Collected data
== Segment start ==

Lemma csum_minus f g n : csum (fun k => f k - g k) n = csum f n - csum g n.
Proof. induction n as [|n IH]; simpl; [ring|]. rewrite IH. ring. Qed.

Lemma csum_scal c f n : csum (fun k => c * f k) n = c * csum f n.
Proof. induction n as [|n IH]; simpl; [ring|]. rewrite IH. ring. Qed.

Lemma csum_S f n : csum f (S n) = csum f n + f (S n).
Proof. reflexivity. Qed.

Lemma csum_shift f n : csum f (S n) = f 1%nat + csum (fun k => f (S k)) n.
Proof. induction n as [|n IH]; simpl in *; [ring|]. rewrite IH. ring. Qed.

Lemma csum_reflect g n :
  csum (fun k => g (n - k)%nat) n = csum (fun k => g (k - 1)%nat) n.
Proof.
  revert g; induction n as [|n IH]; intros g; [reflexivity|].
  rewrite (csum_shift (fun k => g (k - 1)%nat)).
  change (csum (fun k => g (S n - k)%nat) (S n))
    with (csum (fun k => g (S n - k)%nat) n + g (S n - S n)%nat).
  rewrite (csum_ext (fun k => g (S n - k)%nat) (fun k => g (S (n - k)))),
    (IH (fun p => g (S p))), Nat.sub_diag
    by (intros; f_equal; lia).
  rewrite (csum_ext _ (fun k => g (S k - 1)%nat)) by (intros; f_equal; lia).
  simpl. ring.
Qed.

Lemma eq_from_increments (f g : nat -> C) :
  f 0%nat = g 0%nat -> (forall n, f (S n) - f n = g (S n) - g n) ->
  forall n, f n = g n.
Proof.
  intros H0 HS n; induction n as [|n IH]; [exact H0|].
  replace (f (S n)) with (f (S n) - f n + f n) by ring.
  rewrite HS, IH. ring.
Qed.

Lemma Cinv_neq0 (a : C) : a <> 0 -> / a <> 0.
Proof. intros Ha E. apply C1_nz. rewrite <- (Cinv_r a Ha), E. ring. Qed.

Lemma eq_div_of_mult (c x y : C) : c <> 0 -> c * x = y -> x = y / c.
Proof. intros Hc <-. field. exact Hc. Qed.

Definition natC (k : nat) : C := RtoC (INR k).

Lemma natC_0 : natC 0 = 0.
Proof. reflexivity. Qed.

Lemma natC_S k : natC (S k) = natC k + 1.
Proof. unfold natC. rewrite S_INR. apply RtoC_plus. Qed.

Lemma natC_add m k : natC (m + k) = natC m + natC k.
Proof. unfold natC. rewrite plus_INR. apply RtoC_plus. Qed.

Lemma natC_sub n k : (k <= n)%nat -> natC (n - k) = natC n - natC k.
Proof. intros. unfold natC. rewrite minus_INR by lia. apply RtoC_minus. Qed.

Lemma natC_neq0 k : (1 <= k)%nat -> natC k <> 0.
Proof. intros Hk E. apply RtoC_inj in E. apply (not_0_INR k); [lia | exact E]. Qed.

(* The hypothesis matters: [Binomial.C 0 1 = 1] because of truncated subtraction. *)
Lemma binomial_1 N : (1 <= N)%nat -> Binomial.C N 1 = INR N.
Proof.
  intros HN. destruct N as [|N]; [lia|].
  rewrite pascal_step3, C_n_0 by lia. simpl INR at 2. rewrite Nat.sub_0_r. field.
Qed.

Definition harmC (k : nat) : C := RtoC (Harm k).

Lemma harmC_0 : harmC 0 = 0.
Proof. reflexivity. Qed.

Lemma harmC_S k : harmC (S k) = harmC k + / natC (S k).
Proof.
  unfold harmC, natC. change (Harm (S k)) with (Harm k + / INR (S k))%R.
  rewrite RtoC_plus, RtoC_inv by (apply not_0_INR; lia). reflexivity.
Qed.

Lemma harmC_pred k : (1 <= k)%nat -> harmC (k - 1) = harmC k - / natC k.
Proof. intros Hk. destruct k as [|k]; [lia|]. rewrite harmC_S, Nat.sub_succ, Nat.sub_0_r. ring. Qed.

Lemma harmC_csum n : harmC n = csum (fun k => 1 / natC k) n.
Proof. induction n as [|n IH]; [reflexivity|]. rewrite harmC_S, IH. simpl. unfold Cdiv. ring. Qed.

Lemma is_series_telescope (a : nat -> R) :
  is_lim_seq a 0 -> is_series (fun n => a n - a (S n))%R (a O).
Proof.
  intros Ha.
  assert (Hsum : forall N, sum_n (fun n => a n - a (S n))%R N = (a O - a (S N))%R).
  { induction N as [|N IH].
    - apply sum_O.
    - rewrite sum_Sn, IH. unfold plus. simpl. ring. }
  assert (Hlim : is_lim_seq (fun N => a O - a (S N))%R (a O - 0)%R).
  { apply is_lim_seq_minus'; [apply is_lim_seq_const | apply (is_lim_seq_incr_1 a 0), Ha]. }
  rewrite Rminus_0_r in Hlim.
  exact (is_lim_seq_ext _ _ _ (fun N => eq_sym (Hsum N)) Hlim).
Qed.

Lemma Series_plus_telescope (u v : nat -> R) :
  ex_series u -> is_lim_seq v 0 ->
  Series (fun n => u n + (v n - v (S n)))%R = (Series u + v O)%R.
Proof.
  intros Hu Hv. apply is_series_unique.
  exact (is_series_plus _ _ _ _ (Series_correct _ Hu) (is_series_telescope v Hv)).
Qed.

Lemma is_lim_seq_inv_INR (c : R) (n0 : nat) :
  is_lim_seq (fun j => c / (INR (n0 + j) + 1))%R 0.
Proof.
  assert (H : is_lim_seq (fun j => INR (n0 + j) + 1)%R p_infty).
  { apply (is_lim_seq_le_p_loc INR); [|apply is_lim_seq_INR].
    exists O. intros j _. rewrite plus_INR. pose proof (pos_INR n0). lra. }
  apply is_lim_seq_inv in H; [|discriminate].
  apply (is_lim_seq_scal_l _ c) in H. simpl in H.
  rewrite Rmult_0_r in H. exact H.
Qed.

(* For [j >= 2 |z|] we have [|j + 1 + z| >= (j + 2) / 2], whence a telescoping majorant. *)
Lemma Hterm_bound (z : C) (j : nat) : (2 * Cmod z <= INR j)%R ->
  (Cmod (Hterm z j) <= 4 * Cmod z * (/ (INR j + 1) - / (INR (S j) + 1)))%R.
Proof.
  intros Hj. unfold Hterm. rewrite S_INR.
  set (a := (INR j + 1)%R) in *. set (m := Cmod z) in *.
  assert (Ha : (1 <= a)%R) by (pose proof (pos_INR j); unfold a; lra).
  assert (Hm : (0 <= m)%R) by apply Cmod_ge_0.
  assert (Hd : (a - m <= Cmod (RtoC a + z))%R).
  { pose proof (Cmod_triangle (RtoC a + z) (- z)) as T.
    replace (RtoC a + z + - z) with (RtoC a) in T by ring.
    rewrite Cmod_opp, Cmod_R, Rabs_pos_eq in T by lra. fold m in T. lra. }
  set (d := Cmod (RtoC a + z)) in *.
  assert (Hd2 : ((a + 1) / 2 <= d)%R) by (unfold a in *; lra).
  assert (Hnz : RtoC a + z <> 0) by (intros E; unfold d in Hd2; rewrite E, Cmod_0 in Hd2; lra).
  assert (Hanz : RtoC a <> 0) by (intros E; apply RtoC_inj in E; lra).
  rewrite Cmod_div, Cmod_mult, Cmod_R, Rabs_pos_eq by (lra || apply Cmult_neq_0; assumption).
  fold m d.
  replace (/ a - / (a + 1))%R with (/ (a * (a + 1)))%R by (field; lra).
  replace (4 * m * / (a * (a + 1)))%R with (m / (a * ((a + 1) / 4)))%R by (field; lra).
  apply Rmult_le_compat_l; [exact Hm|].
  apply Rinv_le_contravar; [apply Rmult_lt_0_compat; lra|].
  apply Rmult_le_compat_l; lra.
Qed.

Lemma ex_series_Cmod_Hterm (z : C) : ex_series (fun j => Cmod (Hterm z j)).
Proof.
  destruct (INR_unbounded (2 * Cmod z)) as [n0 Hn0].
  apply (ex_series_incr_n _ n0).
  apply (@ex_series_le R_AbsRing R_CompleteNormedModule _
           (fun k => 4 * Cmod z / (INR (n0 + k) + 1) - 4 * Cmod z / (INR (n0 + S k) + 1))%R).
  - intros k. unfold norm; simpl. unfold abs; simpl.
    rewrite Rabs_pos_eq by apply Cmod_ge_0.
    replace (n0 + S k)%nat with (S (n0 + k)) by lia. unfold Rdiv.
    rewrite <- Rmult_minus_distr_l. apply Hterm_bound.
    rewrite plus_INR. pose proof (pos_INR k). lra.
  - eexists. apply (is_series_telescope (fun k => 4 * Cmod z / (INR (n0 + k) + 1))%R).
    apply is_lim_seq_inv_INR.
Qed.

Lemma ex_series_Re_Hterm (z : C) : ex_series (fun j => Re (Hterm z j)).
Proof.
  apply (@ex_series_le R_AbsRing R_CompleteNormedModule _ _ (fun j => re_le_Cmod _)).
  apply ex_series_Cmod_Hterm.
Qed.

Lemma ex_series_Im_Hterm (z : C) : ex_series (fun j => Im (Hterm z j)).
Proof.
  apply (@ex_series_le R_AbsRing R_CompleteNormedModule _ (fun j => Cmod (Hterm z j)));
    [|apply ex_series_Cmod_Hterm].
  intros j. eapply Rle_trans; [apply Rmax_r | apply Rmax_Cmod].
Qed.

== Segment end ==

◆ Work required: Nothing beyond the line containing "Lemma csum_shift f" is to be output; the lines above, from the first one onward to that line, are to be transcribed exactly.

◆ Response:
Lemma csum_minus f g n : csum (fun k => f k - g k) n = csum f n - csum g n.
Proof. induction n as [|n IH]; simpl; [ring|]. rewrite IH. ring. Qed.

Lemma csum_scal c f n : csum (fun k => c * f k) n = c * csum f n.
Proof. induction n as [|n IH]; simpl; [ring|]. rewrite IH. ring. Qed.

Lemma csum_S f n : csum f (S n) = csum f n + f (S n).
Proof. reflexivity. Qed.

Lemma csum_shift f n : csum f (S n) = f 1%nat + csum (fun k => f (S k)) n.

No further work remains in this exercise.